═════ SUPPLIED MATERIAL ═════

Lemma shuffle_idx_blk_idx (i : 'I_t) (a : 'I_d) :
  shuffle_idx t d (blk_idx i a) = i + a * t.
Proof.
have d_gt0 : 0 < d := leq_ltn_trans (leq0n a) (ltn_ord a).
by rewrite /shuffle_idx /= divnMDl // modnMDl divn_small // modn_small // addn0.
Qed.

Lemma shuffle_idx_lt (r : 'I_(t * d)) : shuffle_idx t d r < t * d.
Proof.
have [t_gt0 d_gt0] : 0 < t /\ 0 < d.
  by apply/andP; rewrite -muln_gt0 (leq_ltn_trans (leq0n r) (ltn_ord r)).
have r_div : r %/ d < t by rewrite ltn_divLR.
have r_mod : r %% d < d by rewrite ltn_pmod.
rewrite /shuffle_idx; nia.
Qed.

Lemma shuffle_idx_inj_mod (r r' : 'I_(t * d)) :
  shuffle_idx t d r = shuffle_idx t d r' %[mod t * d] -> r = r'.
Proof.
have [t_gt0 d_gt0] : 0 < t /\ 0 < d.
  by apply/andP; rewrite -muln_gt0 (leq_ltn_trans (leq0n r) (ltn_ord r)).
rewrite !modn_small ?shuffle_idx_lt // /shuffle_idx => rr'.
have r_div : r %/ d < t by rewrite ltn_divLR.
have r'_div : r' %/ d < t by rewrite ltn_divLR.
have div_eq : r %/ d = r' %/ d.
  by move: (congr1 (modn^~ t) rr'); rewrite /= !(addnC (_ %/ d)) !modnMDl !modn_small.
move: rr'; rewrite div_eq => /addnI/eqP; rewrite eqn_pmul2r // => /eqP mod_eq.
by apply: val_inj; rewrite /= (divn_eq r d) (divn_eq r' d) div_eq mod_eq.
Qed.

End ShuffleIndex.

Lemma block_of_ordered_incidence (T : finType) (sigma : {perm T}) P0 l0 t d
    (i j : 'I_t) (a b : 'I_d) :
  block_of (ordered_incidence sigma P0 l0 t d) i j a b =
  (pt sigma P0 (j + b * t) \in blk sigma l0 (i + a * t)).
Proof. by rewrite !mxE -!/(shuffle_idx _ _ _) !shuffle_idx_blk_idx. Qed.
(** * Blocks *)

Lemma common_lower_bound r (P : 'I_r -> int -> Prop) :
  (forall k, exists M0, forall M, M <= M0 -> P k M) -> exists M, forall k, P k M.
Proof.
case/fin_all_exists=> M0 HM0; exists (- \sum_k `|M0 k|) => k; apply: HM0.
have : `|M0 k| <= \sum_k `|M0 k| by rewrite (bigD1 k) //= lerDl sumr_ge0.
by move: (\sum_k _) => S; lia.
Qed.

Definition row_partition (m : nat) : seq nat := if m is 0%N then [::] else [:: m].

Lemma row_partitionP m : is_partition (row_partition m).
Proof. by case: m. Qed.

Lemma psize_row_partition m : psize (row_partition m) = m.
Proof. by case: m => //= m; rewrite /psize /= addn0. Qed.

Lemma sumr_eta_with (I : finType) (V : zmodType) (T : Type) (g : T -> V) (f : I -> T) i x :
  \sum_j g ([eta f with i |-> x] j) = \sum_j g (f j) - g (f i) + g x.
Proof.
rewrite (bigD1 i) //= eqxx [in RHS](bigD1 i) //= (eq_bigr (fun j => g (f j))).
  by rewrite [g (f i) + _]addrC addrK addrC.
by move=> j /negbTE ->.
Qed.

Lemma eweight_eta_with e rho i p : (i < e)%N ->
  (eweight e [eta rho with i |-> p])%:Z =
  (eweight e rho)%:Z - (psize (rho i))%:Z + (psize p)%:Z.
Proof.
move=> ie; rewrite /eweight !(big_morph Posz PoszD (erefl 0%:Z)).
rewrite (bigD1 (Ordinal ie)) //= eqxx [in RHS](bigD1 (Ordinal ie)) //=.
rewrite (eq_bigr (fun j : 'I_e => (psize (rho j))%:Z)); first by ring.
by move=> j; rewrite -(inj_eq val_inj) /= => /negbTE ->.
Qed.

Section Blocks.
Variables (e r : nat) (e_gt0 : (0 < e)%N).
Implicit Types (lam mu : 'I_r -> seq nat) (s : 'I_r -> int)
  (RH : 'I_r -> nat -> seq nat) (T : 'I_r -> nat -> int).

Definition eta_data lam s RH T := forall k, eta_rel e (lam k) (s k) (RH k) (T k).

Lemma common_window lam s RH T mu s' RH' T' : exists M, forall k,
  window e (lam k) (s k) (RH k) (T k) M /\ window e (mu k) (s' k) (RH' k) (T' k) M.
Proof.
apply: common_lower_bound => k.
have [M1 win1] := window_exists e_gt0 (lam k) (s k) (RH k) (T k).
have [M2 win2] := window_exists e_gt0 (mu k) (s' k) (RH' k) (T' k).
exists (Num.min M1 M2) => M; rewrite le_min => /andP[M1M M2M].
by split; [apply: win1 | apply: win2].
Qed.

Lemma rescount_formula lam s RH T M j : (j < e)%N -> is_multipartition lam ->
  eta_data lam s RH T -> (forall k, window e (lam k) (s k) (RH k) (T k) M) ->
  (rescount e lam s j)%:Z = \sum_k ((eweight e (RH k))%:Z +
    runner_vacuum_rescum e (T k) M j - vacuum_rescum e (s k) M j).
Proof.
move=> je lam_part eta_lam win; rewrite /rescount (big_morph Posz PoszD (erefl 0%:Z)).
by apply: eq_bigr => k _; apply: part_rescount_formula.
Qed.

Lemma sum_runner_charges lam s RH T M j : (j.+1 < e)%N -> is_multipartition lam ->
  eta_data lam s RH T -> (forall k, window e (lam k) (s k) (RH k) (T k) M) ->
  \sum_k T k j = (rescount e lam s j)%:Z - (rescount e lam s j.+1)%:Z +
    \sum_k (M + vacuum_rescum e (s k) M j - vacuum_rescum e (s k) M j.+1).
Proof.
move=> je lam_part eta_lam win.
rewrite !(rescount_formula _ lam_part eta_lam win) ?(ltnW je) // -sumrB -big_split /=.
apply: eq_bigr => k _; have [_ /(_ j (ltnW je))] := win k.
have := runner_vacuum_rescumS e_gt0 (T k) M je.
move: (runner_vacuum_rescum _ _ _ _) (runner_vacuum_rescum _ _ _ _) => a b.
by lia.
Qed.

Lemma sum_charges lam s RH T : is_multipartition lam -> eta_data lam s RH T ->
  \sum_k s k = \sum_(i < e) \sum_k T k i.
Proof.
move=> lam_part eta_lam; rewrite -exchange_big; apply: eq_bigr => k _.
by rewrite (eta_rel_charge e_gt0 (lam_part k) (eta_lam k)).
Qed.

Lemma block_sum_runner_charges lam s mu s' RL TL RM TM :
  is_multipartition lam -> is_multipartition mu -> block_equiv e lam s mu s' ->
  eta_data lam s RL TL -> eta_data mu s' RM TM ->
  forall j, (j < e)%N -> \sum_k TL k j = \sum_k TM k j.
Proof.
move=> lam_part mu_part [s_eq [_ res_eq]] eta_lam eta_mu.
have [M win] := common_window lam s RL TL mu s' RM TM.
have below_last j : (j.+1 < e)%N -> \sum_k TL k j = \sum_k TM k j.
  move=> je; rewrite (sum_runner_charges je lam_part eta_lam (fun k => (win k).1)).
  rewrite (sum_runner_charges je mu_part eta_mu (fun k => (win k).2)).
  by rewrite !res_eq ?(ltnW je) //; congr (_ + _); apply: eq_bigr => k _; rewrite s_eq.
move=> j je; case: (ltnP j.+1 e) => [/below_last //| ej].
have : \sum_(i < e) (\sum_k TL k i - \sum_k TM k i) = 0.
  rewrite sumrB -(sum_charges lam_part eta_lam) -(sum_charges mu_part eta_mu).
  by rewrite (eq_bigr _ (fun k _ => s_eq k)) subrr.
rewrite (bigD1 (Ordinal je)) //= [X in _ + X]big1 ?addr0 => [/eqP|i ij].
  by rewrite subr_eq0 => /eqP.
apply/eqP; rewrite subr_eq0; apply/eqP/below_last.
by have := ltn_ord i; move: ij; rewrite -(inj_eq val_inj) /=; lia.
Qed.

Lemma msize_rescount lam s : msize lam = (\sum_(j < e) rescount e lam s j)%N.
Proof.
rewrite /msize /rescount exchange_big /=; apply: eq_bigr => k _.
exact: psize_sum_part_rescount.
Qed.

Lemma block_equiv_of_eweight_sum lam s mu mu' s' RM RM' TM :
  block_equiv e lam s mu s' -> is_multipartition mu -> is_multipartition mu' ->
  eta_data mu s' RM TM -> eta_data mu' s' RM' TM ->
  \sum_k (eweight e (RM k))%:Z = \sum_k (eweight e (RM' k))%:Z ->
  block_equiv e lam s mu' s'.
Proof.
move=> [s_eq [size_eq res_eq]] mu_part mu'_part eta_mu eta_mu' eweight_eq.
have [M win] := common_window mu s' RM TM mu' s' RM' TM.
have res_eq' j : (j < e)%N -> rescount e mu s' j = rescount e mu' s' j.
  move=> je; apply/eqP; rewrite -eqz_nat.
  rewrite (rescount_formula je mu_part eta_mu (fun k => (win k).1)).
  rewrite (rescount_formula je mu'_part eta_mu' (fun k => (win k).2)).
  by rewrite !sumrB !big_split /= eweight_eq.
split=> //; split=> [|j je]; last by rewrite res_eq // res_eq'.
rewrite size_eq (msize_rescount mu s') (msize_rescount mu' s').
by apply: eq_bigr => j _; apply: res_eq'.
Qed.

═════

◆ **PROBLEM DESCRIPTION**
In the entries above, please find the line with "Lemma common_window lam" and the line with "rewrite (sum_runner_charges je mu_part", then write out exactly those two lines and every line between them, and nothing more.

◆ **TASK RESPONSE**
Lemma common_window lam s RH T mu s' RH' T' : exists M, forall k,
  window e (lam k) (s k) (RH k) (T k) M /\ window e (mu k) (s' k) (RH' k) (T' k) M.
Proof.
apply: common_lower_bound => k.
have [M1 win1] := window_exists e_gt0 (lam k) (s k) (RH k) (T k).
have [M2 win2] := window_exists e_gt0 (mu k) (s' k) (RH' k) (T' k).
exists (Num.min M1 M2) => M; rewrite le_min => /andP[M1M M2M].
by split; [apply: win1 | apply: win2].
Qed.

Lemma rescount_formula lam s RH T M j : (j < e)%N -> is_multipartition lam ->
  eta_data lam s RH T -> (forall k, window e (lam k) (s k) (RH k) (T k) M) ->
  (rescount e lam s j)%:Z = \sum_k ((eweight e (RH k))%:Z +
    runner_vacuum_rescum e (T k) M j - vacuum_rescum e (s k) M j).
Proof.
move=> je lam_part eta_lam win; rewrite /rescount (big_morph Posz PoszD (erefl 0%:Z)).
by apply: eq_bigr => k _; apply: part_rescount_formula.
Qed.

Lemma sum_runner_charges lam s RH T M j : (j.+1 < e)%N -> is_multipartition lam ->
  eta_data lam s RH T -> (forall k, window e (lam k) (s k) (RH k) (T k) M) ->
  \sum_k T k j = (rescount e lam s j)%:Z - (rescount e lam s j.+1)%:Z +
    \sum_k (M + vacuum_rescum e (s k) M j - vacuum_rescum e (s k) M j.+1).
Proof.
move=> je lam_part eta_lam win.
rewrite !(rescount_formula _ lam_part eta_lam win) ?(ltnW je) // -sumrB -big_split /=.
apply: eq_bigr => k _; have [_ /(_ j (ltnW je))] := win k.
have := runner_vacuum_rescumS e_gt0 (T k) M je.
move: (runner_vacuum_rescum _ _ _ _) (runner_vacuum_rescum _ _ _ _) => a b.
by lia.
Qed.

Lemma sum_charges lam s RH T : is_multipartition lam -> eta_data lam s RH T ->
  \sum_k s k = \sum_(i < e) \sum_k T k i.
Proof.
move=> lam_part eta_lam; rewrite -exchange_big; apply: eq_bigr => k _.
by rewrite (eta_rel_charge e_gt0 (lam_part k) (eta_lam k)).
Qed.

Lemma block_sum_runner_charges lam s mu s' RL TL RM TM :
  is_multipartition lam -> is_multipartition mu -> block_equiv e lam s mu s' ->
  eta_data lam s RL TL -> eta_data mu s' RM TM ->
  forall j, (j < e)%N -> \sum_k TL k j = \sum_k TM k j.
Proof.
move=> lam_part mu_part [s_eq [_ res_eq]] eta_lam eta_mu.
have [M win] := common_window lam s RL TL mu s' RM TM.
have below_last j : (j.+1 < e)%N -> \sum_k TL k j = \sum_k TM k j.
  move=> je; rewrite (sum_runner_charges je lam_part eta_lam (fun k => (win k).1)).
  rewrite (sum_runner_charges je mu_part eta_mu (fun k => (win k).2)).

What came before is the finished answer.